----- RECORDS -----

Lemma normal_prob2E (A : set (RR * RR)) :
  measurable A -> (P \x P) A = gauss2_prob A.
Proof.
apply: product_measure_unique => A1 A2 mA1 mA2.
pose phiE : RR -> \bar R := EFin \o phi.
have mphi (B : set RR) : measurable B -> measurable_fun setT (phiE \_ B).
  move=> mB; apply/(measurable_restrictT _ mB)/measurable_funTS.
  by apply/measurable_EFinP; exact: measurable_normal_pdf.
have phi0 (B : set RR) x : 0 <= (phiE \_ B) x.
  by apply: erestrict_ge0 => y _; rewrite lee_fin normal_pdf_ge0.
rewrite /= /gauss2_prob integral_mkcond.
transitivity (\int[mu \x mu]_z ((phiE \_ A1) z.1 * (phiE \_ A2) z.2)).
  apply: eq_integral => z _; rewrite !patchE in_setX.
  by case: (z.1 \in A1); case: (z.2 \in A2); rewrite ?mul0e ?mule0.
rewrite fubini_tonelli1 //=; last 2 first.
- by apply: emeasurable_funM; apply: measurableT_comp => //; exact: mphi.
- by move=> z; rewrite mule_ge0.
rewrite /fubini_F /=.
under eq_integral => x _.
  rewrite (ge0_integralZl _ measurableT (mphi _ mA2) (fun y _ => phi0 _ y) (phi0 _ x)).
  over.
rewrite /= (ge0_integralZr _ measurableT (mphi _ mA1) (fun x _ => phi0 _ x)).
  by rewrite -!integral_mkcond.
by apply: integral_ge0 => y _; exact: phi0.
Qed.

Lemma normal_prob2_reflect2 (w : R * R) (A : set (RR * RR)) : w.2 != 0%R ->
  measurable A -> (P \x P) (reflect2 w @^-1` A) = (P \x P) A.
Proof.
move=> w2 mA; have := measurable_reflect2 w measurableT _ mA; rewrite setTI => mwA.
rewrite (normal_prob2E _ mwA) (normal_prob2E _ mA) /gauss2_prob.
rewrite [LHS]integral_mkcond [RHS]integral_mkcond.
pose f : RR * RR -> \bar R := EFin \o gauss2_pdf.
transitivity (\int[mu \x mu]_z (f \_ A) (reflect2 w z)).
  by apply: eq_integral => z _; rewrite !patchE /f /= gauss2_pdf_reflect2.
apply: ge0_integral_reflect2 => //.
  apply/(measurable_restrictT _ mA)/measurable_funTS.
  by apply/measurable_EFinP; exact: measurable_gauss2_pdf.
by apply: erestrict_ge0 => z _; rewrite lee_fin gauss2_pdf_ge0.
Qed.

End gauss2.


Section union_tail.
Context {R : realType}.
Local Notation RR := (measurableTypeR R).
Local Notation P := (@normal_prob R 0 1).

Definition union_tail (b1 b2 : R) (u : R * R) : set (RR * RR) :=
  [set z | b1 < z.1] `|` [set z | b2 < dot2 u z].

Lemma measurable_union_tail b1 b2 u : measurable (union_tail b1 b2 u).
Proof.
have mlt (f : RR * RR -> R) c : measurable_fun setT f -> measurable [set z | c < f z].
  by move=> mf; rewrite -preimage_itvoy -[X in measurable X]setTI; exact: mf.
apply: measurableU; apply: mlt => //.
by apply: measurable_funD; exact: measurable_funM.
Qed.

-----

→ **REQUIRED WORK**
Nothing before the line containing "by apply: eq_integral" should be repeated; repeat that line and all later lines through the end of the data above, exactly.

→ **TASK SOLUTION**
  by apply: eq_integral => z _; rewrite !patchE /f /= gauss2_pdf_reflect2.
apply: ge0_integral_reflect2 => //.
  apply/(measurable_restrictT _ mA)/measurable_funTS.
  by apply/measurable_EFinP; exact: measurable_gauss2_pdf.
by apply: erestrict_ge0 => z _; rewrite lee_fin gauss2_pdf_ge0.
Qed.

End gauss2.


Section union_tail.
Context {R : realType}.
Local Notation RR := (measurableTypeR R).
Local Notation P := (@normal_prob R 0 1).

Definition union_tail (b1 b2 : R) (u : R * R) : set (RR * RR) :=
  [set z | b1 < z.1] `|` [set z | b2 < dot2 u z].

Lemma measurable_union_tail b1 b2 u : measurable (union_tail b1 b2 u).
Proof.
have mlt (f : RR * RR -> R) c : measurable_fun setT f -> measurable [set z | c < f z].
  by move=> mf; rewrite -preimage_itvoy -[X in measurable X]setTI; exact: mf.
apply: measurableU; apply: mlt => //.
by apply: measurable_funD; exact: measurable_funM.
Qed.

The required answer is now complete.